Thanks to conservation efforts, Topanga Canyon Creek and its tributaries are still mostly natural and not channelized. This watershed still supports a wide variety of plant and animal life, including many rare species, but even in this relatively natural environment there are a host of problems, ranging from heavy metals like lead and arsenic, to chemicals like PCBs and DDT, as well as high levels of bacteria from human and animal waste like E. coli and Enterococcus. Giardia, a parasitic protozoan, which is also spread by exposure to fecal waste, is also present throughout the watershed.
It wasn’t always that way. Springs throughout Topanga Canyon provided safe drinking water for residents well into the 20th century. A spring on Topanga Canyon Blvd. drew people from all over the area, and it wasn’t unusual to see someone filling bottles there, even after water quality began to deteriorate and the County posted a warning about bacteria levels. Longtime Topanga resident Marsha Maus recalls that the spring remained in use until the late 1970s or early 1980s, when a road safety project that involved dynamiting unstable rocks caused the water source to dry up.
The Malibu Creek watershed is also largely undeveloped, but the water here has always had issues, even before upstream development and environmental degradation became a problem. The main creek that cuts through the mountains is unusual because it was there before the mountains formed. This ancient waterway has carved the only natural pass through the Santa Monica Mountains, a canyon that is more than 500 feet deep in some areas, but some of the stone the creek has cut a channel through is a type of marine sediment deposited during a period of heavy volcanic activity. The Monterey, or Modelo, formation contains high levels of naturally occurring nitrates, sulfides, and heavy metals. Together with anthropogenic contaminants including bacteria, fertilizer, and trash, this potentially toxic cocktail often causes low oxygen levels in the summer and algae blooms that poison the water, killing aquatic life.
There are numerous smaller watersheds in addition to the big three. Almost all of them face issues. Sometimes the cause is relatively easy to diagnose. A few years ago, a problem with persistent high levels of bacteria in one of the smaller creeks in western Malibu was traced to a property where manure from horses was being dumped into a small stream.

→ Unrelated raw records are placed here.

(* all b-element subsets of {1..a}^2, each once (uniform law = counting) *)
Definition level_space (a b : nat) : seq (seq (nat * nat)) :=
  [seq pairs_of T | T <- enum [pred T : {set 'I_a * 'I_a} | #|T| == b]].

(* all choices of levels 1..n : list whose (i-1)-th entry is level i *)
Fixpoint levels_space (k : nat -> nat) (n : nat) : seq (seq (seq (nat * nat))) :=
  match n with
  | 0 => [:: [::]]
  | i.+1 => [seq rcons s l | s <- levels_space k i, l <- level_space (k i) (k i.+1)]
  end.

Fixpoint cs_space (k : nat -> nat) (n : nat) : seq (seq nat) :=
  match n with
  | 0 => [:: [::]]
  | i.+1 => [seq rcons s c | s <- cs_space k i, c <- iota 1 (k i)]
  end.

(* a sample: (levels 1..n, (C_0..C_n)) *)
Definition sample := (seq (seq (nat * nat)) * seq nat)%type.

Definition Omega (k : nat -> nat) (n : nat) : seq sample :=
  [seq (L, c) | L <- levels_space k n, c <- cs_space k n.+1].

Fixpoint Y (L : seq (seq (nat * nat))) (i j : nat) : seq nat :=
  match i with
  | 0 => [:: j]
  | i'.+1 => let p := nth (0, 0) (nth [::] L i') j.-1 in
             Y L i' p.1 ++ Y L i' p.2
  end.

(* the prefix Y^0_{C_0} Y^1_{C_1} ... Y^n_{C_n} of the process X *)
Definition Xprefix (n : nat) (w : sample) : seq nat :=
  flatten [seq Y w.1 i (nth 0 w.2 i) | i <- iota 0 n.+1].

(* X_{a:b} (1-based, inclusive), read off the prefix *)
Definition Xsub (n : nat) (w : sample) (a b : nat) : seq nat :=
  take (b.+1 - a) (drop a.-1 (Xprefix n w)).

Sometimes the contamination is systemic, or ‘non source point.” Ramirez Creek, a 3,350-acre “subwatershed” in Malibu, and Marie Canyon, part of the 4,300-acre Corral Canyon subwatershed, experienced years of failing water quality grades. The issue was successfully addressed at both locations with costly but efficient filtration systems that clean the water before it flows into the ocean.
Although water quality at the beach has improved, almost every creek and stream in the Santa Monica Mountains, large or small, is contaminated with waterborne organisms that can pose a serious health threat not just to humans but also to animals. Contaminated water is potentially deadly for wildlife, including several highly endangered species. Water quality issues have put Western pond turtles, California newts, and the critically endangered Southern steelhead trout at increased risk of extinction, a situation that is exacerbated by climate change.

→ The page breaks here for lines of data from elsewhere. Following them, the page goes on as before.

(* Consider a Markov decision process with state space $\mathcal{S}$, action space $\mathcal{A}$, and discount factor $\gamma$. Let $s \in \mathcal{S}$ be a state, let $\pi, \hat\pi : \mathcal{S} \to \Delta(\mathcal{A})$ be policies, and let $f : \mathbb{R} \to \mathbb{R}$ be a bounded, measurable, non-negative, non-decreasing function. Suppose that $\pi(a \mid s) = f(A_{\hat\pi}(s,a))\,\hat\pi(a \mid s)$ and $\mathbb{E}_{a \sim \hat\pi(\cdot \mid s)}[f(A_{\hat\pi}(s,a))] = 1$. Then $$\mathbb{E}_{a \sim \pi(\cdot \mid s)}[Q_{\hat\pi}(s,a)] \geq V_{\hat\pi}(s).$$
   Context: $\Delta(\mathcal{A})$ denotes the set of probability distributions on $\mathcal{A}$; a policy assigns to each state a distribution over actions. For a policy $\hat\pi$, $Q_{\hat\pi}(s,a)$ is the expected discounted sum of future rewards obtained by starting in state $s$, taking action $a$, and following $\hat\pi$ thereafter; $V_{\hat\pi}(s) = \mathbb{E}_{a \sim \hat\pi(\cdot\mid s)}[Q_{\hat\pi}(s,a)]$ is the expected discounted sum of future rewards starting from $s$ and following $\hat\pi$; and $A_{\hat\pi}(s,a) = Q_{\hat\pi}(s,a) - V_{\hat\pi}(s)$ is the advantage. The equation $\pi(a\mid s) = f(A_{\hat\pi}(s,a))\hat\pi(a\mid s)$ is understood as $\pi(\cdot\mid s)$ having density $a \mapsto f(A_{\hat\pi}(s,a))$ with respect to $\hat\pi(\cdot\mid s)$. *)

From HB Require Import structures.
From mathcomp Require Import all_boot all_order all_algebra.
From mathcomp Require Import all_classical all_reals all_analysis.
Set Implicit Arguments. Unset Strict Implicit. Unset Printing Implicit Defensive.
Import Order.TTheory GRing.Theory Num.Theory.
Import numFieldNormedType.Exports.
Local Open Scope classical_set_scope.
Local Open Scope ring_scope.

Section MDP.
Context {R : realType} {dS dA : measure_display}
  {S : measurableType dS} {A : measurableType dA}.
Variables (P : R.-pker (S * A) ~> S) (r : S * A -> R).
Variable (pihat : R.-pker S ~> A).

(* Expected reward at time n when starting in (s,a) at time 0 and following
   pihat thereafter:  E[r(s_n,a_n) | s_0 = s, a_0 = a]. *)
Fixpoint nstep_reward (n : nat) : S * A -> R :=
  match n with
  | 0 => r
  | n'.+1 => fun sa =>
      fine (\int[P sa]_s' (fine (\int[pihat s']_a' (nstep_reward n' (s', a'))%:E))%:E)%E
  end.

Definition Qfun (gamma : R) (sa : S * A) : R :=
  limn (fun N => \sum_(0 <= n < N) (gamma ^+ n * nstep_reward n sa)).

Definition Vfun (gamma : R) (s : S) : R :=
  fine (\int[pihat s]_a (Qfun gamma (s, a))%:E)%E.

Definition Afun (gamma : R) (s : S) (a : A) : R :=
  Qfun gamma (s, a) - Vfun gamma s.

End MDP.

From HB Require Import structures.
From mathcomp Require Import all_boot all_order all_algebra.
From mathcomp Require Import all_classical all_reals all_analysis measurable_realfun.
Import Order.TTheory GRing.Theory Num.Theory.
Import numFieldNormedType.Exports.
Local Open Scope classical_set_scope.
Local Open Scope ring_scope.

(* Write q := Q(s, .) and Y := q - V(s) = A(s, .) for the advantage.  The density
   hypothesis turns E_pi[q] into E_pihat[q f(Y)] = V(s) E_pihat[f(Y)] + E_pihat[Y f(Y)]
   = V(s) + E_pihat[Y f(Y)].  Since f is nondecreasing, Y f(Y) >= f(0) Y pointwise,
   and E_pihat[Y] = 0, so the last term is nonnegative.  The measure-theoretic
   prerequisites are that Q is measurable and bounded (a limit of discounted sums
   of iterated kernel integrals of r), and a change of variables for measures
   given by a density, obtained from the Radon-Nikodym theorem. *)

Section bounded_integrable.
Context {d : measure_display} {T : measurableType d} {R : realType}.
Variable mu : {finite_measure set T -> \bar R}.

Lemma integrable_bounded (h : T -> R) (K : R) :
  measurable_fun setT h -> (forall x, `|h x| <= K) ->
  mu.-integrable setT (EFin \o h).
Proof.
move=> mh hK; apply: measurable_bounded_integrable => //.
  exact/fin_num_fun_lty/fin_num_measure.
rewrite /bounded_near; near=> M.
move=> x _ /=; apply: le_trans (hK x) _.
by near: M; apply: nbhs_pinfty_ge; exact: num_real.
Unshelve. all: by end_near.
Qed.

End bounded_integrable.

Section kernel_integral.
Context {d d' : measure_display} {X : measurableType d} {Y : measurableType d'}
  {R : realType}.

Lemma measurable_fun_kernel_integral (l : R.-sfker X ~> Y) (k : X * Y -> \bar R) :
  measurable_fun setT k -> measurable_fun setT (fun x => \int[l x]_y k (x, y))%E.
Proof.
move=> mk.
rewrite (_ : (fun x => _) = fun x =>
    \int[l x]_y k^\+ (x, y) - \int[l x]_y k^\- (x, y))%E; last first.
  apply/funext => x; rewrite integralE.
  by congr (_ - _)%E; apply: eq_integral => y _; rewrite ?funeposE ?funenegE.
apply: emeasurable_funB.
- apply: (@measurable_fun_integral_sfinite_kernel _ _ _ _ _ (k^\+)%E l).
    by move=> z; exact: funepos_ge0.
  exact: measurable_funepos.
- apply: (@measurable_fun_integral_sfinite_kernel _ _ _ _ _ (k^\-)%E l).
    by move=> z; exact: funeneg_ge0.
  exact: measurable_funeneg.
Qed.

Lemma measurable_fun_kernel_Rintegral (l : R.-sfker X ~> Y) (k : X * Y -> R) :
  measurable_fun setT k ->
  measurable_fun setT (fun x => fine (\int[l x]_y (k (x, y))%:E)%E).
Proof.
move=> mk; apply: measurableT_comp; first exact: fine_measurable.
have mEk : measurable_fun setT (EFin \o k) by exact/measurable_EFinP.
exact: measurable_fun_kernel_integral l _ mEk.
Qed.

Lemma kernel_Rintegral_bounded (l : R.-pker X ~> Y) (k : X * Y -> R) (M : R) :
  measurable_fun setT k -> (forall z, `|k z| <= M) ->
  forall x, `|fine (\int[l x]_y (k (x, y))%:E)%E| <= M.
Proof.
move=> mk kM x.
have mkx : measurable_fun setT (fun y => k (x, y)).
  exact: measurableT_comp mk (pair1_measurable x).
suff : (`|\int[l x]_y (k (x, y))%:E| <= M%:E)%E.
  by case: (\int[l x]_y _)%E => //= [t|]; rewrite lee_fin.
apply: le_trans (le_abse_integral _ _ _) _ => //; first exact/measurable_EFinP.
apply: le_trans (_ : (\int[l x]_y (cst M%:E) y <= _)%E).
  apply: ge0_le_integral => //.
  - apply/measurable_EFinP; exact: measurableT_comp.
  - by move=> y _; rewrite /= lee_fin.
by rewrite integral_cst// prob_kernel mule1.
Qed.

End kernel_integral.

Section kernel_probability.
Context {d d' : measure_display} {X : measurableType d} {Y : measurableType d'}
  {R : realType} (k : R.-pker X ~> Y).

(* [k x] is only canonically a measure; the Radon-Nikodym theory needs its
   probability structure, which lives on this alias. *)
Definition kprobability (x : X) : set Y -> \bar R := k x.

HB.instance Definition _ x := Measure.on (kprobability x).
HB.instance Definition _ x :=
  Measure_isProbability.Build _ _ _ (kprobability x) (@prob_kernel _ _ _ _ _ k x).

End kernel_probability.

Section discounted_series.
Context {R : realType}.
Variables (gamma M : R) (v : R^nat).
Hypotheses (gamma_ge0 : 0 <= gamma) (gamma_lt1 : gamma < 1)
  (v_bounded : forall n, `|v n| <= M).

Let u n := gamma ^+ n * v n.

Let M_ge0 : 0 <= M. Proof. exact: le_trans (normr_ge0 _) (v_bounded 0). Qed.

Let normr_term_le n : `|u n| <= geometric M gamma n.
Proof.
by rewrite /u /= normrM ger0_norm ?exprn_ge0// mulrC ler_wpM2r ?exprn_ge0.
Qed.

Lemma is_cvg_discounted_series : cvgn (series u).
Proof.
apply: normed_cvg; apply: (series_le_cvg _ _ normr_term_le).
- by move=> n; exact: normr_ge0.
- by move=> n; rewrite /= mulr_ge0 ?exprn_ge0.
- by apply: is_cvg_geometric_series; rewrite ger0_norm.
Qed.

Let normr_partial_sum_le N : `|series u N| <= M / (1 - gamma).
Proof.
apply: le_trans (ler_norm_sum _ _ _) _.
apply: le_trans (ler_sum _ (fun k _ => normr_term_le k)) _.
have := geometric_seriesE M (negbT (lt_eqF gamma_lt1)).
move=> /(congr1 (fun F => F N)); rewrite /series /= => ->.
rewrite ler_pM2r ?invr_gt0 ?subr_gt0// ler_piMr// lerBlDr lerDl exprn_ge0//.
Qed.

Lemma normr_discounted_series_le : `|limn (series u)| <= M / (1 - gamma).
Proof.
have u_cvg := is_cvg_discounted_series.
have partial_sum_bounds N : - (M / (1 - gamma)) <= series u N <= M / (1 - gamma).
  by rewrite -ler_norml; exact: normr_partial_sum_le.
rewrite ler_norml; apply/andP; split.
  by apply: limr_ge => //; near=> N; case/andP: (partial_sum_bounds N).
by apply: limr_le => //; near=> N; case/andP: (partial_sum_bounds N).
Unshelve. all: by end_near.
Qed.

End discounted_series.

Section value_functions.
Context {R : realType} {dS dA : measure_display}
  {S : measurableType dS} {A : measurableType dA}.
Variables (P : R.-pker (S * A) ~> S) (r : S * A -> R) (pihat : R.-pker S ~> A)
  (M gamma : R).
Hypotheses (r_meas : measurable_fun setT r) (r_bounded : forall sa, `|r sa| <= M)
  (gamma_ge0 : 0 <= gamma) (gamma_lt1 : gamma < 1).

Lemma nstep_reward_measurable_bounded n :
  measurable_fun setT (nstep_reward P r pihat n) /\
  forall sa, `|nstep_reward P r pihat n sa| <= M.
Proof.
elim: n => [|n [mn bn]]; first by [].
pose g x := fine (\int[pihat x]_a (nstep_reward P r pihat n (x, a))%:E)%E.
have mg : measurable_fun setT g := measurable_fun_kernel_Rintegral pihat _ mn.
have mg2 : measurable_fun [set: (S * A) * S] (fun z => g z.2).
  exact: measurableT_comp mg measurable_snd.
split; first exact: measurable_fun_kernel_Rintegral P _ mg2.
apply: kernel_Rintegral_bounded P _ _ mg2 _ => z.
exact: kernel_Rintegral_bounded pihat _ _ mn bn z.2.
Qed.

Let nstep_reward_bounded sa n : `|nstep_reward P r pihat n sa| <= M.
Proof. exact: (nstep_reward_measurable_bounded n).2. Qed.

Lemma measurable_Qfun : measurable_fun setT (Qfun P r pihat gamma).
Proof.
apply: (measurable_fun_cvg (h := fun N sa =>
  series (fun n => gamma ^+ n * nstep_reward P r pihat n sa) N)).
  move=> N; apply: measurable_sum => n; apply: measurable_funM => //.
  exact: (nstep_reward_measurable_bounded n).1.
move=> sa _; exact: is_cvg_discounted_series gamma_ge0 gamma_lt1 (nstep_reward_bounded sa).
Qed.

Lemma Qfun_bounded sa : `|Qfun P r pihat gamma sa| <= M / (1 - gamma).
Proof. exact: normr_discounted_series_le gamma_ge0 gamma_lt1 (nstep_reward_bounded sa). Qed.

End value_functions.

Section integral_density.
Local Open Scope ereal_scope.
Local Open Scope charge_scope.
Context {d : measure_display} {T : measurableType d} {R : realType}.
Variables (mu : {sigma_finite_measure set T -> \bar R})
  (nu : {finite_measure set T -> \bar R}) (g : T -> R).
Hypotheses (ig : mu.-integrable setT (EFin \o g))
  (nu_density : forall E, measurable E -> nu E = \int[mu]_(x in E) (g x)%:E).

Lemma dominates_density : charge_of_finite_measure nu `<< mu.
Proof.
apply/null_content_dominatesP => E mE muE0.
rewrite /charge_of_finite_measure /= nu_density// null_set_integral//.
apply: (measurable_funS measurableT) => //; exact: measurable_int _ ig.
Qed.

Lemma ae_eq_Radon_Nikodym_density :
  ae_eq mu setT (EFin \o g) ('d (charge_of_finite_measure nu) '/d mu).
Proof.
have numu := dominates_density.
apply: integral_ae_eq => //.
by move=> E _ mE; rewrite -Radon_Nikodym_integral//; exact/esym/nu_density.
Qed.

Lemma integral_density (h : T -> \bar R) : nu.-integrable setT h ->
  \int[mu]_x (h x * (g x)%:E) = \int[nu]_x h x.
Proof.
have numu := dominates_density.
move=> ih; rewrite -(Radon_Nikodym_change_of_variables numu)//.
apply: ae_eq_integral => //.
- apply: emeasurable_funM; first exact: measurable_int _ ih.
  exact: measurable_int _ ig.
- by apply: emeasurable_funM; first exact: measurable_int _ ih.
- exact: ae_eqe_mul2l ae_eq_Radon_Nikodym_density.
Qed.
End integral_density.

Section reweighted_mean.
Local Open Scope ereal_scope.
Context {d : measure_display} {T : measurableType d} {R : realType}.

Lemma integral_mul_nondecreasing_ge (mu : {measure set T -> \bar R})
    (f : R -> R) (Y : T -> R) : {homo f : x y / (x <= y)%R} ->
  mu.-integrable setT (EFin \o Y) ->
  mu.-integrable setT (fun t => (Y t * f (Y t))%:E) ->
  (f 0)%:E * \int[mu]_t (Y t)%:E <= \int[mu]_t (Y t * f (Y t))%:E.
Proof.
move=> f_nd iY iYf; rewrite -integralZl//.
apply: le_integral => //; first exact: integrableZl.
move=> t _; rewrite -EFinM lee_fin -subr_ge0 [(f 0 * _)%R]mulrC -mulrBr.
have [Y_ge0|Y_lt0] := leP 0%R (Y t).
  by rewrite mulr_ge0// subr_ge0 f_nd.
by rewrite nmulr_rge0// subr_le0 f_nd// ltW.
Qed.

Variables (mu : probability T R) (X : T -> R) (f : R -> R).
Let c := fine (\int[mu]_t (X t)%:E).
Let phi t := f (X t - c).
Hypotheses (f_nd : {homo f : x y / (x <= y)%R})
  (iX : mu.-integrable setT (EFin \o X))
  (iphi : mu.-integrable setT (EFin \o phi))
  (iXphi : mu.-integrable setT (fun t => (X t * phi t)%:E))
  (phi_normalized : \int[mu]_t (phi t)%:E = 1).

Lemma mean_le_integral_reweighted : c%:E <= \int[mu]_t (X t * phi t)%:E.
Proof.
have iY : mu.-integrable setT (fun t => (X t - c)%:E).
  rewrite (_ : (fun t => _) = (EFin \o X) \- cst c%:E); last first.
    by apply/funext => t; rewrite /= EFinB.
  by apply: integrableB => //; exact: (finite_measure_integrable_cst _ c).
have iYphi : mu.-integrable setT (fun t => ((X t - c) * phi t)%:E).
  rewrite (_ : (fun t => _) =
      (fun t => (X t * phi t)%:E) \- (fun t => c%:E * (phi t)%:E)); last first.
    by apply/funext => t; rewrite /= -EFinD mulrBl.
  by apply: integrableB => //; exact: integrableZl.
have intX : \int[mu]_t (X t)%:E = c%:E.
  by rewrite /c fineK// integrable_fin_num.
have intY : \int[mu]_t (X t - c)%:E = 0.
  rewrite (_ : (fun t => _) = (EFin \o X) \- cst c%:E); last first.
    by apply/funext => t; rewrite /= EFinB.
  rewrite integralB//; last exact: (finite_measure_integrable_cst _ c).
  by rewrite intX integral_cst//= probability_setT mule1 subee.
have intXphi : \int[mu]_t (X t * phi t)%:E =
    \int[mu]_t ((X t - c) * phi t)%:E + c%:E.
  rewrite -[X in _ + X]mule1 -phi_normalized -integralZl// -integralD//.
    by apply: eq_integral => t _; rewrite -EFinM -EFinD mulrBl subrK.
  exact: integrableZl.
rewrite intXphi leeDr//.
have := integral_mul_nondecreasing_ge mu f (fun t => X t - c)%R f_nd iY iYphi.
by rewrite intY mule0.
Qed.

End reweighted_mean.

Theorem lemmaA2 (R : realType) (dS dA : measure_display)
  (S : measurableType dS) (A : measurableType dA)
  (P : R.-pker (S * A) ~> S) (r : S * A -> R) (gamma : R)
  (hr_meas : measurable_fun setT r)
  (hr_bdd : exists M : R, forall sa, `|r sa| <= M)
  (hgamma0 : 0 <= gamma) (hgamma1 : gamma < 1)
  (s : S) (pi pihat : R.-pker S ~> A) (f : R -> R)
  (hf_bdd : exists M : R, forall x, `|f x| <= M)
  (hf_meas : measurable_fun setT f)
  (hf_ge0 : forall x, 0 <= f x)
  (hf_nd : {homo f : x y / x <= y})
  (hdens : forall U : set A, measurable U ->
     pi s U = (\int[pihat s]_(a in U) (f (Afun P r pihat gamma s a))%:E)%E)
  (hnorm : (\int[pihat s]_a (f (Afun P r pihat gamma s a))%:E)%E = 1%E) :
  ((Vfun P r pihat gamma s)%:E <= \int[pi s]_a (Qfun P r pihat gamma (s, a))%:E)%E.
Proof.
have [Mr r_bounded] := hr_bdd; have [Mf f_bounded] := hf_bdd.
pose q a := Qfun P r pihat gamma (s, a).
pose phi a := f (Afun P r pihat gamma s a).
have mq : measurable_fun setT q.
  apply: measurableT_comp (pair1_measurable s).
  exact: measurable_Qfun P r pihat _ gamma hr_meas r_bounded hgamma0 hgamma1.
have q_bounded a : `|q a| <= Mr / (1 - gamma).
  exact: Qfun_bounded P r pihat _ gamma hr_meas r_bounded hgamma0 hgamma1 (s, a).
have mphi : measurable_fun setT phi.
  by apply: measurableT_comp hf_meas _; exact: measurable_funB.
have phi_bounded a : `|phi a| <= Mf := f_bounded _.
have qphi_bounded a : `|q a * phi a| <= Mr / (1 - gamma) * Mf.
  by rewrite normrM; apply: ler_pM.
have iq (nu : {finite_measure set A -> \bar R}) : nu.-integrable setT (EFin \o q) := integrable_bounded nu _ _ mq q_bounded.
have iphi (nu : {finite_measure set A -> \bar R}) : nu.-integrable setT (EFin \o phi) :=
  integrable_bounded nu _ _ mphi phi_bounded.
have iqphi (nu : {finite_measure set A -> \bar R}) : nu.-integrable setT (EFin \o (q \* phi)).
  by apply: integrable_bounded qphi_bounded; exact: measurable_funM.
rewrite -(integral_density (kprobability pihat s) (kprobability pi s) _
  (iphi _) hdens _ (iq _)).
under eq_integral do rewrite -EFinM.
exact: mean_le_integral_reweighted (kprobability pihat s) q f hf_nd
  (iq _) (iphi _) (iqphi _) hnorm.
Qed.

Topanga residents can help by making sure runoff doesn’t end up in the watershed. Common contaminants include fertilizer, dog waste, pool chemicals, soap, antifreeze, motor oil, construction debris, and seepage from failing septic systems. The ongoing drought makes the surface water, from deep pools in Topanga Creek to the smallest natural springs and seeps— even more essential than usual for wildlife. Water is a gift, one we haven’t always treated with the reverence it deserves.